Toroğlu'nun çarpıcı yorumları şöyle:

Yazıya nereden başlasak ve nerede bitirsek… Şöyle başlayalım; dakika 86, Göztepe 2-1 galip, Galatasaray doldur boşalt yapıyor. Bu dakikaya kadar da sahada daha akıllı dikkatli oynayan bir Göztepe var. İlk yarı G.Saray sahada hiç yok. İkinci yarı Babel'in çıkması, Gomis'in girmesi, Emre Kılınç'ın girmesi oyunu G.Saray lehine biraz değiştirdi. Ama yine de G.Saray iyi top oynamıyordu ama baktılar ki pabuç pahalı ne var ne yok mücadele etmeye başladılar.

90 dakika sahada G.Saray takımını idare edecek iki veya bir tane oyuncu yoktu. Herkes bir şekilde bildiğini oynuyordu. Mesela Taylan, mesela Ömer Bayram… Bunlar şu anda G.Saray kadrosunda olmaması gereken oyuncular.

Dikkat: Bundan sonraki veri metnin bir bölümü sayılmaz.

Lemma M_d_mul_of_M_D_mul k : H k -> M (D * k) -> M (d * k).
Proof.
  intros Hk MDk. set (m := meet one (d * k)).
  assert (Hm : H m) by (apply H_meet1, gen_group_mul; auto; apply H_d).
  assert (MDd : M (D * d^-1)) by (apply M_D_mulV, Div_d_Div_D, Div_self; auto).
  assert (Hle : (D * d^-1)^-1 ≼ m).
  { apply meet_glb.
    - apply leL_1_of_Minv. rewrite inv_inv. auto.
    - unfold leL. replace ((D * d^-1)^-1^-1 * (d * k)) with (D * k) by group. auto. }
  assert (Mminv : M (m^-1)) by (apply Minv_of_leL_1, meet_l).
  assert (Hmd : Div G M d (m^-1 * d)).
  { apply Div_d_iff. split.
    - apply D_balanced. split. apply M_mul; auto. apply M_d.
      unfold leR. unfold leL in Hle.
      replace (D * (m^-1 * d)^-1) with ((D * d^-1)^-1^-1 * m) by group. auto.
    - apply gen_monoid_mul; [apply N_of_H_M; auto; apply gen_group_inv; auto|].
      apply gen_monoid_in, Div_self; auto. }
  apply d_balanced in Hmd. destruct Hmd as [_ Hmd]. unfold leR in Hmd.
  replace (d * (m^-1 * d)^-1) with m in Hmd by group.
  assert (Em : m = one) by (apply eq1_of_M_leL_1; auto; apply leL_1_of_Minv; auto).
  apply M_of_leL_1. rewrite <- Em. apply meet_r.
Qed.

Lemma omega_le_D : ω ≼ D.
Proof.
  unfold leL, omega. replace ((d^-1 * D)^-1 * D) with (D^-1 * d * D) by group.
  apply M_conjDV, M_d.
Qed.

Bence dün gecenin yıldızı VAR'daki Mete Kalkavan'dı. Çok doğru bir şekilde pozisyonlara el koydu ve hakemi çağırdı. Bu kadar VAR'a gidildiği zaman da sahadaki hakemin otoritesi kalmıyor, seyirci de fazlaca isyan etmeye başlıyor. Maçı idare eden VAR mı yoksa sahadaki hakem mi diye haliyle kafalarda soru işareti kalıyor. Düşünün VAR olmasa maç kaç kaç biterdi. Ben size söyleyeyim, kaç kaç bitmezdi, karakolda biterdi!

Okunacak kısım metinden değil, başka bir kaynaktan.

Lemma gamma_pairP u w : reflect (forall y, cnb w y = ~~ cnb u y) (gamma_pair u w).
Proof.
apply: (iffP and5P) => [[_ _ _ /eqP capE /eqP cupE] y | compl].
  move/setP: capE => /(_ y); move/setP: cupE => /(_ y).
  by rewrite in_setI in_setU !in_cnbhd !inE; case: (cnb u y); case: (cnb w y).
have uw : u != w by apply/eqP => wu; move: (compl u); rewrite wu cnbxx.
have dom : dominating [set u; w].
  apply/dominatingP => y; have [uy|nuy] := boolP (cnb u y).
    by exists u; rewrite ?inE ?eqxx.
  by exists w; rewrite ?inE ?eqxx ?orbT // compl nuy.
have gamma2 : gamma X = 2.
  apply/eqP; rewrite eqn_leq (leq_trans (gamma_le dom)) ?cards2 ?uw //=.
  apply: gamma_gt1; last exact: cnb_compl_no_universal compl.
  by apply/card_gt1P; exists u, w.
split; rewrite ?cards2 ?uw ?gamma2 //; apply/eqP/setP => y;
  by rewrite !inE -!/(cnb _ _) compl; case: (cnb u y).
Qed.

Lemma gamma_pairPn u w : reflect (exists y, cnb w y = cnb u y) (~~ gamma_pair u w).
Proof.
apply: (iffP negP) => [nuw | [y same] /gamma_pairP compl]; last first.
  by move: (compl y); rewrite same; case: (cnb u y).
have [y /eqP same|compl] := pickP (fun y => cnb w y == cnb u y); first by exists y.
by case: nuw; apply/gamma_pairP => y; move/negbT: (compl y); case: (cnb u y); case: (cnb w y).
Qed.

Lemma no_gamma_pair_cnb_eq : ~ has_gamma_pair X -> forall u w, exists y, cnb w y = cnb u y.
Proof. by move=> no_gp u w; apply/gamma_pairPn/negP => uw; apply: no_gp; exists u, w. Qed.

Lemma gamma_pair_no_universal u w : gamma_pair u w -> ~ (exists x, universal x).
Proof. by move/gamma_pairP; apply: cnb_compl_no_universal. Qed.

Lemma gamma_pair_neq u w : gamma_pair u w -> u != w.
Proof. by move/gamma_pairP => compl; apply/eqP => uw; move: (compl u); rewrite uw cnbxx. Qed.

Lemma gamma_pairC u w : gamma_pair u w = gamma_pair w u.
Proof. by apply/gamma_pairP/gamma_pairP => compl y; rewrite compl ?negbK. Qed.

Lemma gamma_pair_Pset u w : gamma_pair u w -> w \in Pset X.
Proof. by rewrite gamma_pairC inE => uw; apply/existsP; exists u. Qed.

Definition partner x := odflt x [pick y | gamma_pair x y].

Lemma gamma_pair_partner x : x \in Pset X -> gamma_pair x (partner x).
Proof.
by rewrite inE /partner => /existsP [y xy]; case: pickP => [y' //|/(_ y)]; rewrite xy.
Qed.

Hypothesis twin_free : ~ has_adj_twins X.

Lemma gamma_pairE x y : x \in Pset X -> gamma_pair x y = (y == partner x).
Proof.
move=> /gamma_pair_partner /gamma_pairP xp; apply/gamma_pairP/eqP => [xy|-> //].
apply/eqP/negPn/negP => /((twin_freeP _).1 twin_free) [z].
by rewrite xp xy negbK; case: (cnb x z).
Qed.

Lemma partnerK : {in Pset X, involutive partner}.
Proof.
move=> x xP; have xp := gamma_pair_partner xP.
by apply/esym/eqP; rewrite -gamma_pairE 1?gamma_pairC // (gamma_pair_Pset xp).
Qed.

End GammaPairs.

Section PerfectMatchingCode.
Variables (T : finType) (B : {pred T}) (s : T -> T).
Hypotheses (sB : {in B, forall x, s x \in B}) (sK : {in B, involutive s})
  (s_neq : {in B, forall x, s x != x}).

Let R := [set x in B | enum_rank x < enum_rank (s x)].
Let rep x := if x \in R then x else s x.

Let R_sub : {subset R <= B}.
Proof. by move=> x; rewrite inE => /andP []. Qed.

Let mem_R_s x : x \in B -> (s x \in R) = (x \notin R).
Proof.
move=> Bx; rewrite !inE sB // Bx sK //=.
have : val (enum_rank (s x)) != val (enum_rank x) by rewrite val_eqE (inj_eq enum_rank_inj) s_neq.
by case: ltngtP.
Qed.

Let rep_R x : x \in B -> rep x \in R.
Proof. by move=> Bx; rewrite /rep; case: ifPn => // xR; rewrite mem_R_s. Qed.

Let card_B : #|B| = #|R|.*2.
Proof.
have s_inj : {in R &, injective s}.
  by move=> x y /R_sub Bx /R_sub By /(congr1 s); rewrite !sK.
rewrite -addnn -{2}(card_in_imset s_inj) -cardsE -(cardsID R).
have -> : [set x in B] :&: R = R by apply/setIidPr/subsetP => x /R_sub; rewrite inE.
congr (_ + _); apply: eq_card => x; rewrite in_setD [x \in [set y in B]]inE.
apply/andP/imsetP => [[xR Bx]|[y yR ->]]; first by exists (s x); rewrite ?sK // mem_R_s.
by have By := R_sub yR; rewrite mem_R_s // yR sB.
Qed.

Heyecan dolu bir maçtı, biraz top oynamaya çalışan takım Göztepe idi. G.Saray hiçbir şey oynamadan büyük takım avantajıyla bu maçı kazandı. Ama sakın G.Saray bu görüntüyle düzelir falan demeyin. Galatasaray için bu maç bu maç 3 puan değil 6 puanlık maçtı. Göztepe'yi çukura itti, kendi çukurun üstüne tutundu.

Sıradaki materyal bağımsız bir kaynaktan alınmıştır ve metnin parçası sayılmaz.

Lemma box3_le_shift F G a1 b1 a2 b2 a3 b3 K : convex3 F -> convex3 G ->
  0 <= a1 -> a1 <= b1 -> b1 <= 1 -> 0 <= a2 -> a2 <= b2 -> b2 <= 1 ->
  0 <= a3 -> a3 <= b3 -> b3 <= 1 ->
  (forall s t r, a1 <= s <= b1 -> a2 <= t <= b2 -> a3 <= r <= b3 -> F s t r <= G s t r + K) ->
  box3 F a1 b1 a2 b2 a3 b3 <= box3 G a1 b1 a2 b2 a3 b3 + (b1 - a1) * ((b2 - a2) * ((b3 - a3) * K)).
Proof.
  intros HF HG H1 H2 H3 H4 H5 H6 H7 H8 H9 H. unfold box3.
  apply RInt_le_shift; [lra|apply ex_RInt_box3; auto|apply ex_RInt_box3; auto|]. intros s Hs.
  apply RInt_le_shift; [lra|apply ex_RInt_box3_tr; auto; lra|apply ex_RInt_box3_tr; auto; lra|].
  intros t Ht.
  apply RInt_le_shift; [lra|apply ex_RInt_box3_r; auto; lra|apply ex_RInt_box3_r; auto; lra|].
  intros r Hr. apply H; lra.
Qed.

Lemma box3_dist_le F G a1 b1 a2 b2 a3 b3 K : convex3 F -> convex3 G ->
  0 <= a1 -> a1 <= b1 -> b1 <= 1 -> 0 <= a2 -> a2 <= b2 -> b2 <= 1 ->
  0 <= a3 -> a3 <= b3 -> b3 <= 1 ->
  (forall s t r, a1 <= s <= b1 -> a2 <= t <= b2 -> a3 <= r <= b3 -> Rabs (F s t r - G s t r) <= K) ->
  Rabs (box3 F a1 b1 a2 b2 a3 b3 - box3 G a1 b1 a2 b2 a3 b3)
    <= (b1 - a1) * ((b2 - a2) * ((b3 - a3) * K)).
Proof.
  intros HF HG H1 H2 H3 H4 H5 H6 H7 H8 H9 H.
  apply Rabs_le_between'. split.
  - assert (box3 G a1 b1 a2 b2 a3 b3 <= box3 F a1 b1 a2 b2 a3 b3 + (b1 - a1) * ((b2 - a2) * ((b3 - a3) * K))).
    { apply box3_le_shift; auto. intros s t r Hs Ht Hr.
      specialize (H s t r Hs Ht Hr). apply Rabs_le_between' in H. lra. }
    lra.
  - apply box3_le_shift; auto. intros s t r Hs Ht Hr.
    specialize (H s t r Hs Ht Hr). apply Rabs_le_between' in H. lra.
Qed.

Lemma box3_const1 (G : R -> R -> R) a1 b1 a2 b2 a3 b3 :
  box3 (fun _ t r => G t r) a1 b1 a2 b2 a3 b3 = (b1 - a1) * box3 (fun _ t r => G t r) 0 1 a2 b2 a3 b3.
Proof. unfold box3. rewrite !RInt_const_R. ring. Qed.

Lemma box3_const2 (G : R -> R -> R) a1 b1 a2 b2 a3 b3 : convex3 (fun s _ r => G s r) ->
  0 <= a1 -> a1 <= b1 -> b1 <= 1 -> 0 <= a3 -> a3 <= b3 -> b3 <= 1 ->
  box3 (fun s _ r => G s r) a1 b1 a2 b2 a3 b3 = (b2 - a2) * box3 (fun s _ r => G s r) a1 b1 0 1 a3 b3.
Proof.
  intros HG **. unfold box3.
  rewrite <- (RInt_scal_R (fun s => RInt (fun _ => RInt (fun r => G s r) a3 b3) 0 1))
    by (apply (ex_RInt_box3 _ HG); lra).
  apply RInt_ext_R; [lra|]. intros s _. rewrite !RInt_const_R. ring.
Qed.

Lemma box3_const3 (G : R -> R -> R) a1 b1 a2 b2 a3 b3 : convex3 (fun s t _ => G s t) ->
  0 <= a1 -> a1 <= b1 -> b1 <= 1 -> 0 <= a2 -> a2 <= b2 -> b2 <= 1 ->
  box3 (fun s t _ => G s t) a1 b1 a2 b2 a3 b3 = (b3 - a3) * box3 (fun s t _ => G s t) a1 b1 a2 b2 0 1.
Proof.
  intros HG **. unfold box3.
  rewrite <- (RInt_scal_R (fun s => RInt (fun t => RInt (fun _ => G s t) 0 1) a2 b2))
    by (apply (ex_RInt_box3 _ HG); lra).
  apply RInt_ext_R; [lra|]. intros s Hs.
  rewrite <- (RInt_scal_R (fun t => RInt (fun _ => G s t) 0 1))
    by (apply (ex_RInt_box3_tr _ HG); lra).
  apply RInt_ext_R; [lra|]. intros t _. rewrite !RInt_const_R. ring.
Qed.

Lemma box3_unit_const (H : R -> R -> R -> R) c :
  (forall s t r, 0 < s < 1 -> 0 < t < 1 -> 0 < r < 1 -> H s t r = c) -> box3 H 0 1 0 1 0 1 = c.
Proof.
  intros Hc. unfold box3.
  transitivity (RInt (fun _ => RInt (fun _ => RInt (fun _ => c) 0 1) 0 1) 0 1).
  - apply RInt_ext_R; [lra|]. intros s Hs. apply RInt_ext_R; [lra|]. intros t Ht.
    apply RInt_ext_R; [lra|]. intros r Hr. auto.
  - rewrite !RInt_const_R. ring.
Qed.

Lemma convex1_box3_param (H : R -> R -> R -> R -> R) :
  (forall l, 0 <= l <= 1 -> convex3 (H l)) ->
  (forall s t r, 0 <= s <= 1 -> 0 <= t <= 1 -> 0 <= r <= 1 -> convex1 (fun l => H l s t r)) ->
  convex1 (fun l => box3 (H l) 0 1 0 1 0 1).
Proof.
  intros HH Hpar. unfold box3.
  apply convex1_RInt_param; [lra| |intros l Hl; apply (ex_RInt_box3 _ (HH l Hl)); lra].
  intros s Hs. apply convex1_RInt_param; [lra| |intros l Hl; apply (ex_RInt_box3_tr _ (HH l Hl)); lra].
  intros t Ht. apply convex1_RInt_param; [lra| |intros l Hl; apply (ex_RInt_box3_r _ (HH l Hl)); lra].
  intros r Hr. auto.
Qed.

Lemma box3_scale F l1 l2 l3 : convex3 F -> 0 <= l1 <= 1 -> 0 <= l2 <= 1 -> 0 <= l3 <= 1 ->
  box3 F 0 l1 0 l2 0 l3 = l1 * l2 * l3 * box3 (fun s t r => F (l1 * s) (l2 * t) (l3 * r)) 0 1 0 1 0 1.
Proof.
  intros HF H1 H2 H3.
  set (F3 := fun s t r => F s t (l3 * r)).
  set (F23 := fun s t r => F s (l2 * t) (l3 * r)).
  set (F123 := fun s t r => F (l1 * s) (l2 * t) (l3 * r)).
  assert (HF3 : convex3 F3).
  { apply (convex3_comp_affine F (fun s => s) (fun t => t) (fun r => l3 * r));
      auto using affine01_id, affine01_scale. }
  assert (HF23 : convex3 F23).
  { apply (convex3_comp_affine F (fun s => s) (fun t => l2 * t) (fun r => l3 * r));
      auto using affine01_id, affine01_scale. }
  assert (HF123 : convex3 F123).
  { apply (convex3_comp_affine F (fun s => l1 * s) (fun t => l2 * t) (fun r => l3 * r));
      auto using affine01_scale. }
  unfold box3.
  transitivity (RInt (fun s => l2 * l3 * RInt (fun t => RInt (fun r => F23 s t r) 0 1) 0 1) 0 l1).
  - apply RInt_ext_R; [lra|]. intros s Hs.
    transitivity (RInt (fun t => l3 * RInt (fun r => F3 s t r) 0 1) 0 l2).
    + apply RInt_ext_R; [lra|]. intros t Ht.
      apply RInt_scale; [apply ex_RInt_box3_r; auto; lra|apply (ex_RInt_box3_r _ HF3); lra].
    + rewrite RInt_scal_R by (apply (ex_RInt_box3_tr _ HF3); lra).
      rewrite (RInt_scale (fun t => RInt (fun r => F3 s t r) 0 1)).
      * unfold F3, F23. ring.
      * apply (ex_RInt_box3_tr _ HF3); lra.
      * apply (ex_RInt_box3_tr _ HF23); lra.
  - rewrite RInt_scal_R by (apply (ex_RInt_box3 _ HF23); lra).
    rewrite (RInt_scale (fun s => RInt (fun t => RInt (fun r => F23 s t r) 0 1) 0 1)).
    + unfold F23, F123. ring.
    + apply (ex_RInt_box3 _ HF23); lra.
    + apply (ex_RInt_box3 _ HF123); lra.
Qed.

(** * Comparing functions through their left derivatives *)

Definition lipschitz01 (G : R -> R) (C : R) : Prop :=
  forall mu l, 0 <= mu -> mu <= l -> l <= 1 -> Rabs (G l - G mu) <= C * (l - mu).

Definition uniform_left_deriv (G g : R -> R) : Prop :=
  forall a b, 0 < a -> b < 1 -> exists K, forall mu l, a <= mu -> mu <= l -> l <= b ->
    Rabs (G l - G mu - (l - mu) * g l) <= K * (l - mu) ^ 2.

Lemma le_of_quadratic_defect (G : R -> R) a b K : a <= b ->
  (forall mu l, a <= mu -> mu <= l -> l <= b -> G mu - K * (l - mu) ^ 2 <= G l) ->
  G a <= G b.
Proof.
  intros Hab H. apply Rle_plus_epsilon. intros eps Heps.
  set (D := Rabs K * (b - a) ^ 2).
  assert (HD : 0 <= D) by (apply Rmult_le_pos; [apply Rabs_pos|apply pow2_ge_0]).
  destruct (archimed_cor1 (eps / (D + 1))) as [n [Hn Hn0]].
  { apply Rdiv_lt_0_compat; lra. }
  assert (HnR : 0 < INR n) by (apply lt_0_INR; exact Hn0).
  set (h := (b - a) / INR n).
  assert (Hh : 0 <= h) by (unfold h; apply Rdiv_le_0_compat; lra).
  (* telescoping along the partition a, a + h, ..., a + n h = b *)
  assert (Hstep : forall k, (k <= n)%nat -> G a - INR k * (K * h ^ 2) <= G (a + INR k * h)).
  { induction k as [|k IH]; intros Hk.
    - simpl. replace (a + 0 * h) with a by ring. lra.
    - specialize (IH ltac:(lia)).
      assert (Hk' : INR (S k) <= INR n) by (apply le_INR; exact Hk).
      assert (Hk0 : 0 <= INR k) by apply pos_INR.
      assert (Hb : a + INR (S k) * h <= b).
      { apply Rle_trans with (a + INR n * h); [nra|]. unfold h. right. field. lra. }
      rewrite S_INR in *.
      pose proof (H (a + INR k * h) (a + (INR k + 1) * h) ltac:(nra) ltac:(nra) Hb) as Hs.
      replace (a + (INR k + 1) * h - (a + INR k * h)) with h in Hs by ring. lra. }
  specialize (Hstep n (Nat.le_refl n)).
  replace (a + INR n * h) with b in Hstep by (unfold h; field; lra).
  assert (INR n * (K * h ^ 2) <= D / INR n).
  { replace (INR n * (K * h ^ 2)) with (K * (b - a) ^ 2 / INR n) by (unfold h; field; lra).
    unfold D. apply Rmult_le_compat_r; [left; apply Rinv_0_lt_compat; lra|].
    apply Rmult_le_compat_r; [apply pow2_ge_0|apply Rle_abs]. }
  assert (D / INR n <= eps).
  { apply Rle_trans with ((D + 1) * / INR n); [unfold Rdiv; apply Rmult_le_compat_r; [left; apply Rinv_0_lt_compat|]; lra|].
    apply Rle_trans with ((D + 1) * (eps / (D + 1))); [apply Rmult_le_compat_l; lra|].
    right. field. lra. }
  lra.
Qed.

Bakınız G.Saray'ın nerelerde olması gerekirken biz neler yazıyoruz. Çok kestirmeden şunu söyleyeyim ve yazımı bitireyim; bu sahadaki G.Saray'ın sorumlusu başta Fatih Terim'dir, sonra yeni seçilen Başkan ve yönetimdir, sonra da bu başkanın getirdiği bu teknik adamdır. Bu kadar basit! Kimse bu rezalet G.Saray'dan 'Benim sorumluluğum yok' deyip kurtulamaz.